Provided material

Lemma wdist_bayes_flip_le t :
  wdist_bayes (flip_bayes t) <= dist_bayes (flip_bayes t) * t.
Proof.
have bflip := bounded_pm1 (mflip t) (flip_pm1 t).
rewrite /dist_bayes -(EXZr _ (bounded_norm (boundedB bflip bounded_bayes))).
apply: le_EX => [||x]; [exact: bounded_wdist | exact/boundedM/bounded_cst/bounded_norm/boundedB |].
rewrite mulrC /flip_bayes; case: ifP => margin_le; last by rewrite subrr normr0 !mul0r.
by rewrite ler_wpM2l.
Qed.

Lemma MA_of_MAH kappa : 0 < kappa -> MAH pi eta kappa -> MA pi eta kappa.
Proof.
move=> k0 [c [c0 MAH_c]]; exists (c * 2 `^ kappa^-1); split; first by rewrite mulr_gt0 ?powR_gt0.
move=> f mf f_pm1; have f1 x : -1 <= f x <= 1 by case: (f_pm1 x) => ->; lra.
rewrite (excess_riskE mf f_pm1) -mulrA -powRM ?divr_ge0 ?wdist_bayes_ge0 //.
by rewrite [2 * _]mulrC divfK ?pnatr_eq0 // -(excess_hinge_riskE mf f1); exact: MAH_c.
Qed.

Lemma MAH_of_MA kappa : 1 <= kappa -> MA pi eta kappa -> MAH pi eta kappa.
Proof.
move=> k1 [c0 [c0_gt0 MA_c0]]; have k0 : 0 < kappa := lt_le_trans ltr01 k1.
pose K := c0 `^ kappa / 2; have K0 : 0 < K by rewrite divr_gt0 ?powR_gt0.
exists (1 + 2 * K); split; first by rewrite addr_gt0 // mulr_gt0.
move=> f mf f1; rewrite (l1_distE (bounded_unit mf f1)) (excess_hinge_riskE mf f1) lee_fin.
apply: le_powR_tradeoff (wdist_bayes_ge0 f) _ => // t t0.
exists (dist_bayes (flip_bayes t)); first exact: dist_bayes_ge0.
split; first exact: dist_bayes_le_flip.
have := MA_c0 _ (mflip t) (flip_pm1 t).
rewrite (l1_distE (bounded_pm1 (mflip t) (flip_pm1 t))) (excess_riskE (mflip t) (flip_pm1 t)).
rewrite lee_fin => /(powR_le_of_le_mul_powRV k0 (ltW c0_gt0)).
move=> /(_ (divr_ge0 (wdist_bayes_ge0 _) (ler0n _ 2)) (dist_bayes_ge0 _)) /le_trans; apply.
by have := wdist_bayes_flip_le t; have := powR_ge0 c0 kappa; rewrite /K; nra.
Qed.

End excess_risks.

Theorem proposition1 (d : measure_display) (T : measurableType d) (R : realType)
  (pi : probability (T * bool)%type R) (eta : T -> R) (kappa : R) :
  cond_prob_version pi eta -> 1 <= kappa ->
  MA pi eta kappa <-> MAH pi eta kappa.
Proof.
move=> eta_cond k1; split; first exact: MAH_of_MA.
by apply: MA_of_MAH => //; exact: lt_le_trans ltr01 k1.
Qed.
==
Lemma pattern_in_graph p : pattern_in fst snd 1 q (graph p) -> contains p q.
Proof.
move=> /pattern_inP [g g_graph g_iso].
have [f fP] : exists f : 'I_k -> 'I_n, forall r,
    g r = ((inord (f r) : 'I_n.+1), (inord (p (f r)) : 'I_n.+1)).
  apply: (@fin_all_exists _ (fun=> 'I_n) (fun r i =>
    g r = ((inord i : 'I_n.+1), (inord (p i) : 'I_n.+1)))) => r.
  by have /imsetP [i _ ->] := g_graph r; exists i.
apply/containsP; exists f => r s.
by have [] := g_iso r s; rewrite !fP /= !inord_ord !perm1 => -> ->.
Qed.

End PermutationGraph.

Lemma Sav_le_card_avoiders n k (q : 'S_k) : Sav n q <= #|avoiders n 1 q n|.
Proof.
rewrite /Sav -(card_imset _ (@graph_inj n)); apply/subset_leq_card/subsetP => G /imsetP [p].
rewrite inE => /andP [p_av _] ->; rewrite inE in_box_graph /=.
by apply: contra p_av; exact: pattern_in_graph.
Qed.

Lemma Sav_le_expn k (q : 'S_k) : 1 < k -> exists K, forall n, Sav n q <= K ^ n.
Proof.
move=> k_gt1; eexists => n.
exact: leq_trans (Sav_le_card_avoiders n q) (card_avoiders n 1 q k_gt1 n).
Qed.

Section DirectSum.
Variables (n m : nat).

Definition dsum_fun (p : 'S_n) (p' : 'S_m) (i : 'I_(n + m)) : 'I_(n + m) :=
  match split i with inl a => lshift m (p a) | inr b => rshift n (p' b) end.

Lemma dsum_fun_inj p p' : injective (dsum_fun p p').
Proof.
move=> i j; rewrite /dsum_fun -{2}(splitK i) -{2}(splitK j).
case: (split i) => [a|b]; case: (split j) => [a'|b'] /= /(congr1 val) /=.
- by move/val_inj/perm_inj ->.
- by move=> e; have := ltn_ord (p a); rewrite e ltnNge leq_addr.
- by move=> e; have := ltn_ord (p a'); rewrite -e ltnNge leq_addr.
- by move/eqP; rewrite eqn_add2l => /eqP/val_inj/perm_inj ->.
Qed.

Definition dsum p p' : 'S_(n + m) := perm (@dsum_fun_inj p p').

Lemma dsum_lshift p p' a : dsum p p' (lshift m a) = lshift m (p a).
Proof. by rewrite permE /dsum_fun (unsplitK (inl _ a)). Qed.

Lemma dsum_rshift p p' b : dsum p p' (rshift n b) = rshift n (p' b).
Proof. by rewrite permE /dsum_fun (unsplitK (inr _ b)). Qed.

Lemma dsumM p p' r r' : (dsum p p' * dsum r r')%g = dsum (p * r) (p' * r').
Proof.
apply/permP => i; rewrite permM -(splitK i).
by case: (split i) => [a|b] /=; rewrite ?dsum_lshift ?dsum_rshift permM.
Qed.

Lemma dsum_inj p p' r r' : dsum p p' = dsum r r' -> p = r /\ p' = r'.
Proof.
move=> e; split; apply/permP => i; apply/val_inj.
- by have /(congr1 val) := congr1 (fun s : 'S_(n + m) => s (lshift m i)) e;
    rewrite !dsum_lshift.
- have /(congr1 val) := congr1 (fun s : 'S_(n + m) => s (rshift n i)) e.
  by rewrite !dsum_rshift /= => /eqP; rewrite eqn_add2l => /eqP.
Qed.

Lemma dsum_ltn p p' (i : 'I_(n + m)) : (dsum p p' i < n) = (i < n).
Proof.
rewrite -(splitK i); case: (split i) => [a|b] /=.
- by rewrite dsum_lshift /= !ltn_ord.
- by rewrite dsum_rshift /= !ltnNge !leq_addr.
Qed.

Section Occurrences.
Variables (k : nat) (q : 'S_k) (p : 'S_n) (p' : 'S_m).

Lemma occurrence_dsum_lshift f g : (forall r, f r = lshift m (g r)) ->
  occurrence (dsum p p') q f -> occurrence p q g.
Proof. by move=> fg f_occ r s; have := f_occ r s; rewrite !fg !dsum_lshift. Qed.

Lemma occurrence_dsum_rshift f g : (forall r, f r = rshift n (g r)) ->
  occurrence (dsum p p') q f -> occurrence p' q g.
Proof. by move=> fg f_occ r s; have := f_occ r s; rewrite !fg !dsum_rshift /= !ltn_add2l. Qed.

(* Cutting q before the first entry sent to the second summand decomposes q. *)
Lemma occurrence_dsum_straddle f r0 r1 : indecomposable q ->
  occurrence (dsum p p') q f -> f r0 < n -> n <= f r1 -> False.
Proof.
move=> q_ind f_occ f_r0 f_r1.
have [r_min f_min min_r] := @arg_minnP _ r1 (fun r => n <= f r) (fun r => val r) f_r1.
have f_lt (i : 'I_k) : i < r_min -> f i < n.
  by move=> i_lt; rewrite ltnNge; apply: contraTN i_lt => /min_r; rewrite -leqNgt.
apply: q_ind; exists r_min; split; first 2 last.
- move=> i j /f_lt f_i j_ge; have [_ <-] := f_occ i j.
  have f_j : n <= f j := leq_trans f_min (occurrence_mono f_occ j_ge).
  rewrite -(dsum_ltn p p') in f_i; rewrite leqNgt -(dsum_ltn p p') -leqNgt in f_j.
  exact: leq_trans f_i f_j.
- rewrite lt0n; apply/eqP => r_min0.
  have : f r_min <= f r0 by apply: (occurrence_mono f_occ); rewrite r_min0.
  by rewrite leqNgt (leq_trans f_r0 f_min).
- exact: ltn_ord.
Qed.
--
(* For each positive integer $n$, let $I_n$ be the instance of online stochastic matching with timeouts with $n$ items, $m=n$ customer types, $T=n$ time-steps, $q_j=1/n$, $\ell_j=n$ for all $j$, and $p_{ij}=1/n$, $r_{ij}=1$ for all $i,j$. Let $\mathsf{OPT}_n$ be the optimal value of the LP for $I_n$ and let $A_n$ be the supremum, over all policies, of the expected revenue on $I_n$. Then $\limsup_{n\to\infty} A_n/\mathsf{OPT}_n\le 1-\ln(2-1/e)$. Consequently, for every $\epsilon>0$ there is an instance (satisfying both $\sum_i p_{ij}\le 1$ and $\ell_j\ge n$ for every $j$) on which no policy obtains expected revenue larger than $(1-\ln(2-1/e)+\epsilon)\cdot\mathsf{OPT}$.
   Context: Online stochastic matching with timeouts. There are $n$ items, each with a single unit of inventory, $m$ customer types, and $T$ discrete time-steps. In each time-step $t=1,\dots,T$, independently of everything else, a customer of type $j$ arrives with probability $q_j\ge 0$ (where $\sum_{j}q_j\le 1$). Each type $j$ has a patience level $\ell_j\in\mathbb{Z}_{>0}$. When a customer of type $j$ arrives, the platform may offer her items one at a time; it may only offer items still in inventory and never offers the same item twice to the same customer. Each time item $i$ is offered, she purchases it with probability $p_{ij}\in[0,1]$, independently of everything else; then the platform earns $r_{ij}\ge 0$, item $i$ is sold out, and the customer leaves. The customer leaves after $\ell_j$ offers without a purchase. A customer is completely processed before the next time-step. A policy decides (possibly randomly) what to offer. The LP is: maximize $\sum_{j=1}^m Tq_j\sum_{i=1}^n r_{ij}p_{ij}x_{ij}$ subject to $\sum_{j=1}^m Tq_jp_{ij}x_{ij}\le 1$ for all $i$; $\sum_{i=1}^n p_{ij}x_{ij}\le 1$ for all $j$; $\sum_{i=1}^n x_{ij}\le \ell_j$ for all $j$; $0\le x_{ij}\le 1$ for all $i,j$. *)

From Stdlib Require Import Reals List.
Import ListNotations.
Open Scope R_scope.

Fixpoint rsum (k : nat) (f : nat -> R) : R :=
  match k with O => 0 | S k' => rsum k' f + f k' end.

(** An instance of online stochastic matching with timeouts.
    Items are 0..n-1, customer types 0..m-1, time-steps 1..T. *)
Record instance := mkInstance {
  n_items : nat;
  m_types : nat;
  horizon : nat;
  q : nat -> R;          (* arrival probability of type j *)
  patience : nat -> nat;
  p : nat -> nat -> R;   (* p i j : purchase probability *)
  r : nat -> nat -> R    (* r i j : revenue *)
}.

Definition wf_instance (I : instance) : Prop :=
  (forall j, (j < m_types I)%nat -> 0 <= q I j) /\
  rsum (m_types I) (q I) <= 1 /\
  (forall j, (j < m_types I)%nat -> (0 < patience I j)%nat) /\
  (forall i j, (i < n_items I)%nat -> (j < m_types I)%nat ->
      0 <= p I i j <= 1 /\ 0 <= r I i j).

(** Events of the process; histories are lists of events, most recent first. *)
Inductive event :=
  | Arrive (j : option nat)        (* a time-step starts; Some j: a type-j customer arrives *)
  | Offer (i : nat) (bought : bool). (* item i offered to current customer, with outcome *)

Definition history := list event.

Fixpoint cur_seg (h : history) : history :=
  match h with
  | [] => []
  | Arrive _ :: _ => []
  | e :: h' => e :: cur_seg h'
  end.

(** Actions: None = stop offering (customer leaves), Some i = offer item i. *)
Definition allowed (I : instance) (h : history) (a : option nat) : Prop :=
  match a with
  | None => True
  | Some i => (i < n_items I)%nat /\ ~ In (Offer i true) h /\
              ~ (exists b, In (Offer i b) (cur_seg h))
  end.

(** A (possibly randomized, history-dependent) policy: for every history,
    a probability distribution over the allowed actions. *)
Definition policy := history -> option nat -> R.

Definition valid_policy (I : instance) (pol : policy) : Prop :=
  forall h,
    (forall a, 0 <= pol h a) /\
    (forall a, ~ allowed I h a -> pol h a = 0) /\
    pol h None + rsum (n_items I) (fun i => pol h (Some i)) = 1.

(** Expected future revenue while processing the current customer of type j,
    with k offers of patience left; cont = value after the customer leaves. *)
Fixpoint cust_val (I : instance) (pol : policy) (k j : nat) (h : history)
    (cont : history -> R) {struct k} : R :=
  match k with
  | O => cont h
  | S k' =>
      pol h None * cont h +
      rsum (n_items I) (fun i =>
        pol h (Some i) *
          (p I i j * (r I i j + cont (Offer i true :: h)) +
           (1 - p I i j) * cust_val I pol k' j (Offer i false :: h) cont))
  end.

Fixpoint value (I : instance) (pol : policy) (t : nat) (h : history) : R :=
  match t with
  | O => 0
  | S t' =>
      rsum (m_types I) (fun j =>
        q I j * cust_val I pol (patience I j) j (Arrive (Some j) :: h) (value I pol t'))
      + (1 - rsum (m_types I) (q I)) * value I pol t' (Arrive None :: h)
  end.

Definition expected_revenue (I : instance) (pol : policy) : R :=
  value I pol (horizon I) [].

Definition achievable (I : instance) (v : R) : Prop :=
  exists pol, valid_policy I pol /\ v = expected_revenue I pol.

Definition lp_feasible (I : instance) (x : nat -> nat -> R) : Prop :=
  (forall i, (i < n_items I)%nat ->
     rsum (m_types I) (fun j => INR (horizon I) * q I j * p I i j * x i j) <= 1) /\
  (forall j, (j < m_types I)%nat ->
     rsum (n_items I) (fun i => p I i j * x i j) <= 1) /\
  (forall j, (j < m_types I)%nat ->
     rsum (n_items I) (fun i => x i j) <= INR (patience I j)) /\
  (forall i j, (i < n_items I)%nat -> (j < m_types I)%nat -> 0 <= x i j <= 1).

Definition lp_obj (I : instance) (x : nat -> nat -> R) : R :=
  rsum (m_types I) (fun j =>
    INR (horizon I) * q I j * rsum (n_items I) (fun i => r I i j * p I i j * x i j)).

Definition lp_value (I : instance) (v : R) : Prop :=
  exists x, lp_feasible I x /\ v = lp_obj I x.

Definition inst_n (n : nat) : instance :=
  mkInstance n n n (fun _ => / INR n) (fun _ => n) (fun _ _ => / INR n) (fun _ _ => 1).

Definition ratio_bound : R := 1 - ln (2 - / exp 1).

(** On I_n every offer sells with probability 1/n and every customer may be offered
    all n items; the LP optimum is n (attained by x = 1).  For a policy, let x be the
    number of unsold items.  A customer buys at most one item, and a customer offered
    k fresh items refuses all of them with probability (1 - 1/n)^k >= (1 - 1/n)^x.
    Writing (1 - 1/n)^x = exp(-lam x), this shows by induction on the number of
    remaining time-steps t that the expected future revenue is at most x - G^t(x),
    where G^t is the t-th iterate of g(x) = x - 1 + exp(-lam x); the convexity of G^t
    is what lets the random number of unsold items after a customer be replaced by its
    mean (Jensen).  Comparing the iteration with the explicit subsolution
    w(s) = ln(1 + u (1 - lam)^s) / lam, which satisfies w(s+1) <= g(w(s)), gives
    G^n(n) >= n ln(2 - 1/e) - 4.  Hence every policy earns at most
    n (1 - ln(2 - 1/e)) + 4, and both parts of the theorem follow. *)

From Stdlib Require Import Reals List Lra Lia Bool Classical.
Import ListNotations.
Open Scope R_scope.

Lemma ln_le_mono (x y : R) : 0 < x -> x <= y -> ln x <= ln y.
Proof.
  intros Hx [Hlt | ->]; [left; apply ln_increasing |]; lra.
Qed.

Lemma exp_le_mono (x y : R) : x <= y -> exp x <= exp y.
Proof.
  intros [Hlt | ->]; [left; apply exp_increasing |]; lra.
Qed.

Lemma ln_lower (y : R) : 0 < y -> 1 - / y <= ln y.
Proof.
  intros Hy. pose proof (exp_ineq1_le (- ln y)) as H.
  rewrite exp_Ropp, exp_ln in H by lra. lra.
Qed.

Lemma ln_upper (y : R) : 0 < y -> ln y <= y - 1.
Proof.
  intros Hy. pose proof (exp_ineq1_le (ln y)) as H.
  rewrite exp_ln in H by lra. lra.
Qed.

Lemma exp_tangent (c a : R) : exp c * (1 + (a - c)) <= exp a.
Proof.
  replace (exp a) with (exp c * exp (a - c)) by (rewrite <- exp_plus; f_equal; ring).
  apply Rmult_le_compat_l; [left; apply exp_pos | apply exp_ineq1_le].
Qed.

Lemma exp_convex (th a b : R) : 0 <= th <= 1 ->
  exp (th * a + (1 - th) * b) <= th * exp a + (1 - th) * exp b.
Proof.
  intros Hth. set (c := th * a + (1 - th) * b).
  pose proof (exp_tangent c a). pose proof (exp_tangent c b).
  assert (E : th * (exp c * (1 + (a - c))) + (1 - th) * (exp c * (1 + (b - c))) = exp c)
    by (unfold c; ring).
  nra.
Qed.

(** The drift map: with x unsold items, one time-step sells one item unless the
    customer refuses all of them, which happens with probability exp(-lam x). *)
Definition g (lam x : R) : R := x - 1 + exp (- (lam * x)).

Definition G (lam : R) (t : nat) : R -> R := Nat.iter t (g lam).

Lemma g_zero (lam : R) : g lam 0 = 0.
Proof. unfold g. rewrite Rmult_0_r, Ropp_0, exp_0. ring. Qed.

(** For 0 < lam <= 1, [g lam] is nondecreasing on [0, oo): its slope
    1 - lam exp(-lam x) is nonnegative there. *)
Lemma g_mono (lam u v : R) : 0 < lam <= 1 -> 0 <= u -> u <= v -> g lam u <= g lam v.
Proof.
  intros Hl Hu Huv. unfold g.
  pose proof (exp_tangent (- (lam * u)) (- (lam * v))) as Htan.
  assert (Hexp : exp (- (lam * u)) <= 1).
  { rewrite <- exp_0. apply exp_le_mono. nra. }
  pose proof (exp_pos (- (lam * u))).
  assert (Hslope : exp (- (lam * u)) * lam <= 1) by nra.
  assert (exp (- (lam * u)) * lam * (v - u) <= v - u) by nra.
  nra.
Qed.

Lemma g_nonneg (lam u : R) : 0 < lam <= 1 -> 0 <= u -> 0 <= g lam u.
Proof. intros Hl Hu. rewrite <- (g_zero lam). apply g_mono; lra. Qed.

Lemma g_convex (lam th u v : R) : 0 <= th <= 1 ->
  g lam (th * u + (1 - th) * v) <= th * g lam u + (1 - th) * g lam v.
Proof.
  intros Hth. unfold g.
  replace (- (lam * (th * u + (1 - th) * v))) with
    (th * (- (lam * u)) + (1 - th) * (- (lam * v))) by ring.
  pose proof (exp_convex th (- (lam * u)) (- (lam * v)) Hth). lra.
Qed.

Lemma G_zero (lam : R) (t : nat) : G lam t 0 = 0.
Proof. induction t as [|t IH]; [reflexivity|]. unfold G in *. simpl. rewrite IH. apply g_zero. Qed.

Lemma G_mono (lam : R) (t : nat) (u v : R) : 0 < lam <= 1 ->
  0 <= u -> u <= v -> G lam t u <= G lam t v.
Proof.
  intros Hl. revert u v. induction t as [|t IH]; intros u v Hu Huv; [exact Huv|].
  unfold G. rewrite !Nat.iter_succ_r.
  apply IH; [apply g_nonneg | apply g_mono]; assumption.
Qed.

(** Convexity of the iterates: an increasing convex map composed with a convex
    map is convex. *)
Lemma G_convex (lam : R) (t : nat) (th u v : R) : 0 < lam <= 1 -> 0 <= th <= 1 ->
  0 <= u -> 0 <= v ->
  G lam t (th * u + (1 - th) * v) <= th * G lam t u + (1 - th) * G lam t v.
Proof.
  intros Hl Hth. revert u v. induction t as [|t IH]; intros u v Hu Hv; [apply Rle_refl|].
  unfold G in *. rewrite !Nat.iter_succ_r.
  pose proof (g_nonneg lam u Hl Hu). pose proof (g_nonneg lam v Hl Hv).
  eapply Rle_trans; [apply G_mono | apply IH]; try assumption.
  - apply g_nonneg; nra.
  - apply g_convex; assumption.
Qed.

About this task
Of the lines above, copy each one that contains the word "assert".

Solution for this exercise
  assert (E : th * (exp c * (1 + (a - c))) + (1 - th) * (exp c * (1 + (b - c))) = exp c)
  assert (Hexp : exp (- (lam * u)) <= 1).
  assert (Hslope : exp (- (lam * u)) * lam <= 1) by nra.
  assert (exp (- (lam * u)) * lam * (v - u) <= v - u) by nra.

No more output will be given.